The new article highlights aspects related to the application review process and regulatory decisions the authority will make based on its assessment.

The Therapeutic Goods Administration (TGA), an Australian regulating authority in the sphere of healthcare products, has published a guidance document dedicated to auditing applications related to medical devices, including in vitro diagnostics (IVD). The document provides an overview of the applicable regulatory requirements related to mandatory and discretionary audits the authority conducts, as well as additional clarifications and recommendations to be taken into consideration by medical device manufacturers and other parties involved. At the same time, the provisions of the guidance and recommendations contained therein are non-binding in their legal nature, and they are not intended to introduce new rules or impose new obligations. The authority also reserves the right to make changes to the guidance, should such changes be reasonably necessary to reflect corresponding changes to the underlying legislation.


According to the guidance, there are no specific timeframes for audits set forth under the existing legislation, while the actual timeframes would depend on numerous factors, including:

  • The time it will take for the applicant to pay the respective audit assessment fee (in case such a fee is payable due to the nature of the audit);
  • The time it takes for the applicant to provide additional information requested by the authority in the course of an audit; and 
  • The quality of the information provided by the applicant to the authority. 


The document also describes the approach to be followed when requesting the application  be withdrawn. In accordance with the applicable legislation, the applicant is entitled to submit such a request at any time before the decision on the application has been taken by the authority. For this purpose, the appropriate online submission system should be used. The authority also mentions that in the event of an application fee being withdrawn, any of the fees paid by the applicant would not be refunded. However, in certain circumstances, the applicant will have the right to request a refund. 

Once the application has been withdrawn, the applicant will receive the appropriate confirmation via email. The product the application refers to should not be placed on the market since it is not included in the national register. The applicant will have the right to make a new submission referring to the same device at any time later, following the general approach. 

Should the applicant fail to provide the information requested by the authority within the timeframes set forth by the latter, the application would lapse, and the appropriate notification letter would be served to the applicant. This also applies in cases where the applicant fails to pay the assessment fee on time.
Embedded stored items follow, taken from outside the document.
(* Let $\Omega=\{y\in\mathbb{R}^n: a_i^Ty\le b_i,\ i=1,\ldots,m\}$, let $x\in\Omega$ and $\alpha>0$, and suppose the nearly-active index set $I(x,\alpha)$ has $q\le n$ elements and $\{a_i:i\in I(x,\alpha)\}$ are linearly independent; label them so that $I(x,\alpha)=\{1,\ldots,q\}$ and let $A=[a_1\ \cdots\ a_q]\in\mathbb{R}^{n\times q}$. Let $u_1,\ldots,u_n$ be an orthonormal set of left singular vectors of $A$ with $u_1,\ldots,u_q$ spanning $\operatorname{col}(A)$. For $i=1,\ldots,q$ let $\hat d_i:=-(A^\dagger)^Te_i$, $d_i:=\frac{\alpha}{\|\hat d_i\|}\hat d_i$, and let $\alpha_i$ be the largest value in $[0,1]$ such that $x-\alpha_id_i\in\Omega$. Define $$\mathcal{D}=\{d_1,\ldots,d_q\}\cup\{-\alpha_1d_1,\ldots,-\alpha_qd_q\}\cup\{\pm\alpha u_{q+1},\ldots,\pm\alpha u_n\}.$$ Then $\mathcal{D}$ is a $\Lambda$-positive spanning set for $B(x,\alpha)\cap\Omega$ with $\Lambda=q\,\kappa(A)+\sqrt{n-q}$.
   Context: Nearly-active constraints: $I(x,\alpha):=\{i\in\{1,\ldots,m\}: b_i-\alpha\|a_i\|\le a_i^Tx\}$ (constraints whose boundary hyperplane is within distance $\alpha$ of $x$). $A^\dagger=(A^TA)^{-1}A^T$ is the Moore–Penrose pseudoinverse, $\kappa(A)=\|A\|\,\|A^\dagger\|$ is the condition number (operator 2-norms), $e_i\in\mathbb{R}^q$ the coordinate vectors, $B(y,r)=\{z:\|z-y\|\le r\}$. Given $x\in\Omega$, $\alpha>0$, $\Lambda\ge0$, a set $\{d_1,\ldots,d_p\}$ is a $\Lambda$-positive spanning set for $B(x,\alpha)\cap\Omega$ if $x+d_i\in\Omega$ for all $i$ and, for every $v\in\mathbb{R}^n$ with $x+v\in\Omega$ and $\|v\|\le\alpha$, there exists $c\in\mathbb{R}^p$ with $c\ge0$, $v=\sum_ic_id_i$ and $\|c\|_1\le\Lambda$. *)

From HB Require Import structures.
From mathcomp Require Import all_boot all_order all_algebra.
From mathcomp Require Import classical_sets reals.
Set Implicit Arguments. Unset Strict Implicit. Unset Printing Implicit Defensive.
Import Order.TTheory GRing.Theory Num.Theory.
Local Open Scope ring_scope.
Local Open Scope classical_set_scope.

Section Defs.
Context {R : realType}.

Definition dotv (n : nat) (u v : 'cV[R]_n) : R := \sum_(k < n) u k 0 * v k 0.
Definition vnorm (n : nat) (v : 'cV[R]_n) : R := Num.sqrt (dotv v v).

Definition opnorm (p r : nat) (M : 'M[R]_(p, r)) : R :=
  sup [set vnorm (M *m v) | v in [set v : 'cV[R]_r | vnorm v <= 1]].

(* Moore-Penrose pseudoinverse of a full-column-rank matrix: (A^T A)^{-1} A^T *)
Definition pinv (n q : nat) (A : 'M[R]_(n, q)) : 'M[R]_(q, n) :=
  invmx (A^T *m A) *m A^T.

Definition kappa (n q : nat) (A : 'M[R]_(n, q)) : R := opnorm A * opnorm (pinv A).

Definition Omega (n m : nat) (a : 'I_m -> 'cV[R]_n) (b : 'I_m -> R) (y : 'cV[R]_n) : Prop :=
  forall i, dotv (a i) y <= b i.

Definition nearly_active (n m : nat) (a : 'I_m -> 'cV[R]_n) (b : 'I_m -> R)
  (x : 'cV[R]_n) (alpha : R) : {set 'I_m} :=
  [set i | b i - alpha * vnorm (a i) <= dotv (a i) x].

Definition evec (q : nat) (i : 'I_q) : 'cV[R]_q := \col_(k < q) (k == i)%:R.

Definition pos_spanning (n : nat) (Om : 'cV[R]_n -> Prop) (x : 'cV[R]_n) (alpha Lambda : R)
  (D : seq 'cV[R]_n) : Prop :=
  (forall d, d \in D -> Om (x + d)) /\
  (forall v : 'cV[R]_n, Om (x + v) -> vnorm v <= alpha ->
     exists c : 'I_(size D) -> R,
       (forall k, 0 <= c k) /\
       v = \sum_(k < size D) c k *: nth 0 D k /\
       \sum_(k < size D) `|c k| <= Lambda).
End Defs.

From HB Require Import structures.
From mathcomp Require Import all_boot all_order all_algebra.
From mathcomp Require Import classical_sets reals.
From mathcomp Require Import ring lra.
Import Order.TTheory GRing.Theory Num.Theory.
Local Open Scope ring_scope.
Set Implicit Arguments. Unset Strict Implicit.

(* Within distance alpha of x only the nearly-active constraints can be violated,
   and the directions d_i satisfy a_j^T d_i = 0 for j <> i and a_i^T d_i < 0, while
   the u_j (j > q) are orthogonal to every a_i.  A feasible step v with |v| <= alpha
   splits orthogonally as v = P^T A^T v + w, P = pinv A, w in span(u_j, j > q).
   The first part is sum_i g_i d_i with g_i = - a_i^T v |dhat_i| / alpha, so
   |g_i| <= |A| |P| = kappa(A).  When g_i < 0 it is realised with -alph_i d_i:
   feasibility of x + v makes x - min(1, -g_i) d_i feasible, so
   alph_i >= min(1, -g_i) and -g_i / alph_i <= max(1, -g_i) <= kappa(A).
   The second part costs sum_(j > q) |u_j^T v| / alpha <= sqrt(n - q) by
   Cauchy-Schwarz. *)

Section EuclideanSpace.
Variables (R : realType) (n : nat).
Implicit Types (u v w : 'cV[R]_n).

Lemma dotvE u v : dotv u v = (u^T *m v) 0 0.
Proof. by rewrite /dotv mxE; apply: eq_bigr => k _; rewrite mxE. Qed.

Lemma dotvC u v : dotv u v = dotv v u.
Proof. by apply: eq_bigr => k _; rewrite mulrC. Qed.

Lemma dotvDr u v w : dotv u (v + w) = dotv u v + dotv u w.
Proof. by rewrite !dotvE mulmxDr mxE. Qed.

Lemma dotvZr c u v : dotv u (c *: v) = c * dotv u v.
Proof. by rewrite !dotvE -scalemxAr mxE. Qed.

Lemma dotvNr u v : dotv u (- v) = - dotv u v.
Proof. by rewrite -scaleN1r dotvZr mulN1r. Qed.

Lemma dotv0r u : dotv u 0 = 0.
Proof. by rewrite dotvE mulmx0 mxE. Qed.

Lemma dotv_sumr (I : Type) (r : seq I) (P : pred I) (F : I -> 'cV[R]_n) u :
  dotv u (\sum_(i <- r | P i) F i) = \sum_(i <- r | P i) dotv u (F i).
Proof. by rewrite dotvE mulmx_sumr summxE; apply: eq_bigr => i _; rewrite dotvE. Qed.

Lemma dotvv_ge0 u : 0 <= dotv u u.
Proof. by apply: sumr_ge0 => k _; rewrite -expr2 sqr_ge0. Qed.

Lemma dotvv_eq0 u : dotv u u = 0 -> u = 0.
Proof.
move=> /eqP; rewrite psumr_eq0 => [/allP uu0|k _]; last by rewrite -expr2 sqr_ge0.
apply/matrixP => k j; rewrite (ord1 j) mxE.
by move: (uu0 k (mem_index_enum k)); rewrite -expr2 sqrf_eq0 => /eqP.
Qed.

Lemma vnorm_ge0 u : 0 <= vnorm u.
Proof. exact: sqrtr_ge0. Qed.

Lemma vnorm_sqr u : vnorm u ^+ 2 = dotv u u.
Proof. by rewrite sqr_sqrtr // dotvv_ge0. Qed.

Lemma vnorm_eq0 u : vnorm u = 0 -> u = 0.
Proof. by move=> u0; apply: dotvv_eq0; rewrite -vnorm_sqr u0 expr0n. Qed.

Lemma vnormZ c u : vnorm (c *: u) = `|c| * vnorm u.
Proof.
rewrite /vnorm dotvZr dotvC dotvZr mulrA -expr2 sqrtrM ?sqr_ge0 //.
by rewrite sqrtr_sqr.
Qed.

Lemma vnormN u : vnorm (- u) = vnorm u.
Proof. by rewrite -scaleN1r vnormZ normrN1 mul1r. Qed.

Lemma normr_dotv_le u v : `|dotv u v| <= vnorm u * vnorm v.
Proof.
have [v0|vn0] := eqVneq (dotv v v) 0.
  by rewrite (dotvv_eq0 v0) dotv0r normr0 mulr_ge0 ?vnorm_ge0.
have vv_gt0 : 0 < dotv v v by rewrite lt_def vn0 dotvv_ge0.
rewrite -ler_sqr ?nnegrE ?mulr_ge0 ?vnorm_ge0 // exprMn !vnorm_sqr real_normK ?num_real //.
(* 0 <= |(v.v) u - (u.v) v|^2 = (v.v) ((u.u) (v.v) - (u.v)^2) *)
have := dotvv_ge0 (dotv v v *: u - dotv u v *: v).
rewrite dotvDr !dotvNr !dotvZr ![dotv (_ - _) _]dotvC !dotvDr !dotvNr !dotvZr (dotvC v u).
move=> res_ge0; rewrite -subr_ge0 -(pmulr_rge0 _ vv_gt0).
by move: res_ge0; congr (0 <= _); ring.
Qed.

Lemma dotv_evec (i : 'I_n) v : dotv (evec i) v = v i 0.
Proof.
rewrite /dotv (bigD1 i) //= big1 ?addr0 => [|k /negbTE ki]; rewrite mxE ?ki ?eqxx.
  by rewrite mul1r.
by rewrite mul0r.
Qed.

Lemma vnorm_evec (i : 'I_n) : vnorm (evec i) = 1 :> R.
Proof. by rewrite /vnorm dotv_evec mxE eqxx sqrtr1. Qed.

Lemma coord_le_vnorm (i : 'I_n) v : `|v i 0| <= vnorm v.
Proof. by rewrite -dotv_evec (le_trans (normr_dotv_le _ _)) // vnorm_evec mul1r. Qed.

End EuclideanSpace.

Section OperatorNorm.
Variables (R : realType) (p r : nat) (M : 'M[R]_(p, r)).

Lemma dotv_col j (w : 'cV[R]_p) : dotv (col j M) w = (M^T *m w) j 0.
Proof. by rewrite mxE; apply: eq_bigr => k _; rewrite !mxE. Qed.

Lemma mulmx_sum_col (y : 'cV[R]_r) : M *m y = \sum_j y j 0 *: col j M.
Proof.
apply/matrixP => k l; rewrite (ord1 l) mxE summxE; apply: eq_bigr => j _.
by rewrite !mxE mulrC.
Qed.

Lemma opnorm_has_sup :
  has_sup [set vnorm (M *m v) | v in [set v : 'cV[R]_r | vnorm v <= 1]].
Proof.
split; first by exists (vnorm (M *m 0)), 0; rewrite //= /vnorm dotv0r sqrtr0.
exists (Num.sqrt (\sum_k (\sum_j `|M k j|) ^+ 2)) => _ [u /= u_le1 <-].
rewrite ler_sqrt; last by apply: sumr_ge0 => k _; rewrite sqr_ge0.
apply: ler_sum => k _; rewrite -expr2 -real_normK ?num_real //.
rewrite lerXn2r ?nnegrE ?sumr_ge0 // mxE (le_trans (ler_norm_sum _ _ _)) //.
apply: ler_sum => j _; rewrite normrM ler_piMr //.
exact: le_trans (coord_le_vnorm _ _) u_le1.
Qed.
According to the guidance, examples of situations when the application would lapse include, inter alia, failures to:

  • Comply with a notice under section 41FH of the Act within 10 working days after the end of the period specified in the notice letter;
  • Comply with a requirement to deliver a reasonable number of samples of the kind of medical device to which the application relates;
  • Comply with a notice under section 41JA of the Act to give information relating to devices of that kind within a further 10 working days from the day specified in the notice letter;
  • Provide information in connection with the application, including information for the purpose of section 41JA of the Act, that is false or misleading in a material particular;
  • Pay an audit assessment fee for the application within 28 days after the day that [the applicant] was notified of the amount of the fee. 

As in the case of an application being withdrawn, if the application lapses, the fees paid by the applicant would not be refunded, safe for the limited scope of specific circumstances. The authority additionally emphasizes that lapsing is not a regulatory decision; hence, it could not be subject to further review. 

Once the application lapses, the applicant will receive the appropriate notification via email and will be prohibited from placing the medical device in question on the market since it is not included in the Australian Register of Therapeutic Goods (ARTG). However, a new application on the same matter could be resubmitted at any time later.

Application Audit Outcome

The document also highlights aspects related to the situation when the application audit has been completed. According to the guidance, upon completion of an audit, the authority makes a regulatory decision and communicates it to the applicant. Depending on the results of the assessment, the authority can come up with one of the following decisions:

  • To include the product in question in the register;
  • Not to include the product in question in the register. 

Should the first decision be taken, the applicant will be able to obtain a certificate confirming  inclusion in the ARTG. From this moment on, the applicant, as a registration holder, will be responsible for ensuring compliance with the applicable regulatory requirements and fulfilling the respective obligations as a sponsor. 

Should a negative decision be taken, it would also be communicated to the applicant via email, and the applicant would have the right to request a decision review. Moreover, the applicant has the right to submit a new application dedicated to the same medical device at any time later.

In summary, the present TGA guidance highlights certain specific aspects related to the way the audit assessment will be carried out by the authority and also the potential results thereof. The guidance explains the rights and obligations of the applicant depending on the decision made by the authority.